Мириам, с ее длинными локонами цвета воронова крыла и нежным овалом лица, в алом пеньюаре, не скрывающем гордой линии шеи и прозрачной белизны груди, как никогда, напомнила Мейсону застывшую в традиционной позе даму с портрета эпохи прерафаэлитов.
– Ричард, тебе необходимо показаться доктору Клифтону. Это начинает меня тревожить.
Он улыбнулся, глядя в окно на коньки крыш дальних домов, выступающие над кронами деревьев.
– Право, не стоит беспокоиться. На самом деле все очень просто. Я слышу шум моря и выхожу поглядеть, как лунный свет играет на волнах, а затем благонравно возвращаюсь в постель. – Тень утомления скользнула по его лицу; Мейсон, высокий, привлекательный мужчина, был от природы хрупкого сложения, и к тому же не вполне оправился от серьезного недуга, из-за которого полгода провел дома в постели. – Но что действительно любопытно, – медленно продолжил он, – так это потрясающая люминесценция… Готов поклясться, содержание солей в морской воде гораздо выше нормы.

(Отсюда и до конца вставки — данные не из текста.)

(* Let $X\in\{F,A\}$. For every state $\rho^{ab}$ on $\mathcal H_a\otimes\mathcal H_b$, $C^a_{X,cc}(\rho^{ab})\ge D^a_X(\rho^{ab})$. Equality holds if $\rho^a=\mathrm{Tr}_b\rho^{ab}=I^a/n_a$ (with $n_a=\dim\mathcal H_a$), or if $\rho^{ab}$ is a pure state.
   Context: $F(\rho,\sigma)=\mathrm{Tr}\sqrt{\sqrt\sigma\rho\sqrt\sigma}$, $A(\rho,\sigma)=\mathrm{Tr}(\sqrt\rho\sqrt\sigma)$, $d_X=1-X^2$. For an orthonormal basis $\mathcal B=\{|\alpha_i\rangle\}$ of $\mathcal H_a$, let $C^a_X(\rho^{ab};\mathcal B)=\min d_X(\rho^{ab},\sigma)$ over states $\sigma=\sum_ip_i|\alpha_i\rangle\langle\alpha_i|\otimes\sigma_i$. The correlated coherence is $C^a_{X,cc}(\rho^{ab})=\min_{\mathcal B}C^a_X(\rho^{ab};\mathcal B)$, the minimum over orthonormal bases $\mathcal B$ of $\mathcal H_a$ consisting of eigenvectors of $\rho^a$ (equivalently, bases in which $\rho^a$ has zero coherence). The discord-type quantity is $D^a_X(\rho^{ab})=\min d_X(\rho^{ab},\sigma)$ over all classical-quantum states $\sigma=\sum_ip_i|\alpha_i\rangle\langle\alpha_i|\otimes\sigma_i$ with $\{|\alpha_i\rangle\}$ any orthonormal basis of $\mathcal H_a$ (i.e. the minimum of $C^a_X(\rho^{ab};\mathcal B)$ over all orthonormal bases $\mathcal B$). *)

From HB Require Import structures.
From mathcomp Require Import all_boot all_order all_algebra.
Set Implicit Arguments.
Unset Strict Implicit.
Unset Printing Implicit Defensive.
Import Order.TTheory GRing.Theory Num.Theory Num.Def.
Local Open Scope ring_scope.

Section QInfo.
Variable C : numClosedFieldType.

Definition adjmx m n (A : 'M[C]_(m, n)) : 'M[C]_(n, m) := map_mx conjC A^T.

Definition psdmx n (A : 'M[C]_n) : Prop :=
  forall v : 'cV[C]_n, 0 <= (adjmx v *m A *m v) 0 0.

Definition is_state n (A : 'M[C]_n) : Prop := psdmx A /\ \tr A = 1.

Definition is_pure n (A : 'M[C]_n) : Prop :=
  is_state A /\ exists v : 'cV[C]_n, A = v *m adjmx v.

Definition sqrtmx n (A : 'M[C]_n) : 'M[C]_n :=
  invmx (spectralmx A) *m diag_mx (map_mx sqrtC (spectral_diag A)) *m spectralmx A.

Definition fidelity n (rho sigma : 'M[C]_n) : C :=
  \tr (sqrtmx (sqrtmx sigma *m rho *m sqrtmx sigma)).

Definition affinity n (rho sigma : 'M[C]_n) : C :=
  \tr (sqrtmx rho *m sqrtmx sigma).

Inductive fid_kind := KF | KA.

Definition Xfun (X : fid_kind) n : 'M[C]_n -> 'M[C]_n -> C :=
  match X with KF => @fidelity n | KA => @affinity n end.

Definition dX (X : fid_kind) n (rho sigma : 'M[C]_n) : C := 1 - (Xfun X rho sigma) ^+ 2.

(* bipartite system H_a (x) H_b, index (i,j) |-> mxvec_index i j *)
Definition bidx na nb (k : 'I_(na * nb)) : 'I_na * 'I_nb :=
  enum_val (cast_ord (esym (mxvec_cast na nb)) k).

Definition kronmx na nb (A : 'M[C]_na) (B : 'M[C]_nb) : 'M[C]_(na * nb) :=
  \matrix_(k, l) (A (bidx k).1 (bidx l).1 * B (bidx k).2 (bidx l).2).

Definition ptrace_b na nb (rho : 'M[C]_(na * nb)) : 'M[C]_na :=
  \matrix_(i, j) \sum_(k < nb) rho (mxvec_index i k) (mxvec_index j k).

(* orthonormal basis of H_a: columns of a unitary matrix U *)
Definition onbasis na (U : 'M[C]_na) : Prop := adjmx U *m U = 1%:M.

Definition is_cq_in na nb (U : 'M[C]_na) (sigma : 'M[C]_(na * nb)) : Prop :=
  exists (p : 'I_na -> C) (S : 'I_na -> 'M[C]_nb),
    (forall i, 0 <= p i) /\ \sum_i p i = 1 /\ (forall i, is_state (S i)) /\
    sigma = \sum_i p i *: kronmx (col i U *m adjmx (col i U)) (S i).

Definition eigenbasis na (U M : 'M[C]_na) : Prop :=
  forall i, exists lam : C, M *m col i U = lam *: col i U.

(* set of values d_X(rho, sigma), sigma cq in an eigenbasis of rho^a
   (minimum = correlated coherence C^a_{X,cc}) *)
Definition cc_values (X : fid_kind) na nb (rho : 'M[C]_(na * nb)) : C -> Prop :=
  fun v => exists U sigma, onbasis U /\ eigenbasis U (ptrace_b rho) /\
                           is_cq_in U sigma /\ v = dX X rho sigma.

(* set of values d_X(rho, sigma), sigma cq in any orthonormal basis
   (minimum = discord-type quantity D^a_X) *)
Definition disc_values (X : fid_kind) na nb (rho : 'M[C]_(na * nb)) : C -> Prop :=
  fun v => exists U sigma, onbasis U /\ is_cq_in U sigma /\ v = dX X rho sigma.

Definition is_min (S : C -> Prop) (v : C) : Prop :=
  S v /\ forall w, S w -> v <= w.

End QInfo.

(** If [U] diagonalizes [rho_a] it is in particular an orthonormal basis, so
    [D_X <= C_X,cc]; when [rho_a] is maximally mixed every basis diagonalizes it.
    For a pure state [|v><v|] and [sigma = sum_i p_i |alpha_i><alpha_i| (x) S_i]
    put [q_i = <alpha_i| rho_a |alpha_i>].  Since [0 <= S_i, sqrt S_i <= 1],
    [F^2 = <v|sigma|v> <= sum_i p_i q_i <= max_i q_i] and
    [A = <v|sqrt sigma|v> <= sum_i sqrt(p_i) q_i <= (sum_i q_i^2)^(1/2)].
    The [q_i] are a doubly stochastic average of the eigenvalues [lam_j] of
    [rho_a], so the bounds are at most [max_j lam_j] and
    [(sum_j lam_j^2)^(1/2)].  Both are attained in the eigenbasis of [rho_a],
    with [S_i] the normalized conditional states [(<alpha_i| (x) I) |v>] and [p]
    concentrated on a largest eigenvalue, resp. [p_i] proportional to
    [lam_i^2]. *)

From HB Require Import structures.
From mathcomp Require Import all_boot all_order all_algebra.
From mathcomp Require Import ring.
Set Implicit Arguments.
Unset Strict Implicit.
Unset Printing Implicit Defensive.
Import Order.TTheory GRing.Theory Num.Theory Num.Def.
Local Open Scope ring_scope.

Section Adjoint.
Variable C : numClosedFieldType.

Lemma conjCM (x y : C) : (x * y)^* = x^* * y^*.
Proof. exact: rmorphM. Qed.

Lemma adjmxE m n (A : 'M[C]_(m, n)) i j : adjmx A i j = (A j i)^*.
Proof. by rewrite !mxE. Qed.

Lemma adjmxK m n (A : 'M[C]_(m, n)) : adjmx (adjmx A) = A.
Proof. exact: trmxCK. Qed.

Lemma adjmxM m n p (A : 'M[C]_(m, n)) (B : 'M[C]_(n, p)) :
  adjmx (A *m B) = adjmx B *m adjmx A.
Proof. by rewrite /adjmx trmx_mul map_mxM. Qed.

Lemma adjmxD m n (A B : 'M[C]_(m, n)) : adjmx (A + B) = adjmx A + adjmx B.
Proof. by rewrite /adjmx linearD /= map_mxD. Qed.

Lemma adjmxZ m n a (A : 'M[C]_(m, n)) : adjmx (a *: A) = a^* *: adjmx A.
Proof. by apply/matrixP=> i j; rewrite !mxE rmorphM. Qed.

Lemma adjmx_diag n (d : 'rV[C]_n) : adjmx (diag_mx d) = diag_mx (map_mx conjC d).
Proof. by rewrite /adjmx tr_diag_mx map_diag_mx. Qed.

Lemma invmx_unitaryE n (V : 'M[C]_n) : V \is unitarymx -> invmx V = adjmx V.
Proof. exact: invmx_unitary. Qed.

Lemma unitarymx_mul_adjmx n (V : 'M[C]_n) : V \is unitarymx -> V *m adjmx V = 1%:M.
Proof. by move/unitarymxP. Qed.

Lemma unitarymx_adjmx_mul n (V : 'M[C]_n) : V \is unitarymx -> adjmx V *m V = 1%:M.
Proof.
by move=> Vu; rewrite -invmx_unitaryE // mulVmx // unitarymx_unit.
Qed.

End Adjoint.

Section QuadraticForm.
Variable C : numClosedFieldType.

Definition qform n (u : 'cV[C]_n) (A : 'M[C]_n) : C := (adjmx u *m A *m u) 0 0.

Lemma qformE n (u : 'cV[C]_n) A :
  qform u A = \sum_j \sum_i (u i 0)^* * A i j * u j 0.
Proof.
rewrite /qform mxE; apply: eq_bigr => j _; rewrite mxE big_distrl.
by apply: eq_bigr => i _; rewrite adjmxE.
Qed.

Lemma qform0 n (A : 'M[C]_n) : qform 0 A = 0.
Proof. by rewrite /qform mulmx0 mxE. Qed.

Lemma qformZ n (u : 'cV[C]_n) a A : qform u (a *: A) = a * qform u A.
Proof. by rewrite /qform -scalemxAr -scalemxAl mxE. Qed.

Lemma qformZv n (u : 'cV[C]_n) a A : qform (a *: u) A = a^* * a * qform u A.
Proof. by rewrite /qform adjmxZ -!scalemxAl -scalemxAr scalerA mxE. Qed.

Lemma qform_sum n I (r : seq I) (c : I -> C) (M : I -> 'M[C]_n) (v : 'cV[C]_n) :
  qform v (\sum_(i <- r) c i *: M i) = \sum_(i <- r) c i * qform v (M i).
Proof.
rewrite /qform mulmx_sumr mulmx_suml summxE; apply: eq_bigr => i _.
by rewrite -scalemxAr -scalemxAl mxE.
Qed.

Lemma qform_conj n m (K : 'M[C]_(n, m)) (v : 'cV[C]_m) B :
  qform v (adjmx K *m B *m K) = qform (K *m v) B.
Proof. by rewrite /qform adjmxM !mulmxA. Qed.

Lemma qform1 n (u : 'cV[C]_n) : qform u 1%:M = \sum_i `|u i 0| ^+ 2.
Proof.
rewrite /qform mulmx1 mxE; apply: eq_bigr => i _.
by rewrite adjmxE normCK mulrC.
Qed.

Lemma qform1_ge0 n (u : 'cV[C]_n) : 0 <= qform u 1%:M.
Proof. by rewrite qform1; apply: sumr_ge0 => i _; apply: exprn_ge0. Qed.

Lemma qform1_eq0 n (u : 'cV[C]_n) : qform u 1%:M = 0 -> u = 0.
Proof.
rewrite qform1 => /psumr_eq0P u0; apply/matrixP => i j; rewrite ord1 mxE.
have /eqP := u0 (fun i _ => exprn_ge0 2 (normr_ge0 _)) i isT.
by rewrite expf_eq0 /= normr_eq0 => /eqP.
Qed.

Lemma qform_spectral n (V : 'M[C]_n) (h : 'rV[C]_n) (u : 'cV[C]_n) :
  qform u (adjmx V *m diag_mx h *m V) = \sum_j h 0 j * `|(V *m u) j 0| ^+ 2.
Proof.
rewrite qform_conj /qform mul_mx_diag mxE; apply: eq_bigr => j _.
by rewrite mxE adjmxE normCK; ring.
Qed.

– Но, Ричард… – Мириам беспомощно огляделась, потрясенная ученым хладнокровием супруга. – Моря нет, оно только в твоей голове! Его никто не видит и не слышит.
Мейсон задумчиво кивнул.
– Да, возможно. Возможно, что пока никто.
Кушетка – одр долгой болезни – по-прежнему стояла в углу кабинета, рядом с книжным шкафом. Присев, он привычно протянул руку и снял с полки гладкую на ощупь, массивную окаменелость – раковину какого-то вымершего на заре мира моллюска. Зимой, когда Мейсону не позволяли вставать с постели, этот витой – подобно трубе Тритона – конус стал для него источником нескончаемых наслаждений – рождая цепочки прихотливых ассоциаций, уводящих то в моря античности, то к сокровищам затонувших кораблей… Бездонный рог изобилия, полный красок и звуков! Бережно взвесив на ладони редкий дар природы – изысканно-двусмысленный, как мраморный обломок античной богини, найденный ненароком в русле высохшего ручья, – Мейсон ощутил его капсулой времени, концентратом сущности иной вселенной… и почти поверил, что сам выпустил из него ночное море, нажав по неведению на тайный завиток.
Жена вошла следом и, быстро задернув занавески, словно желая вернуть мужа в сумеречную атмосферу болезни, положила руку на его плечо.
– Послушай, Ричард, разбуди меня… когда услышишь море. Мы посмотрим вместе.
Он осторожно уклонился от ее рук.
– Понимаешь, Мириам… Не так уж важно, увидишь ты что-нибудь или нет. Главное, что я это вижу.
Выйдя на шоссе, он остановился на том же месте, откуда прошлой ночью наблюдал за наступлением волн. Судя по доносящимся звукам, пребывание в пучине никак не сказалось на привычной деятельности жителей окрестных домов. Сухая трава заметно поблекла от июльской жары, и многие занялись поливкой газонов – сверкающие упругие струи, маленькие радуги в облачках брызг. Между пожарным гидрантом и деревянной оградой лежал глубокий, не потревоженный слой пыли, и Мейсон вспомнил, что дождей не было с ранней весны.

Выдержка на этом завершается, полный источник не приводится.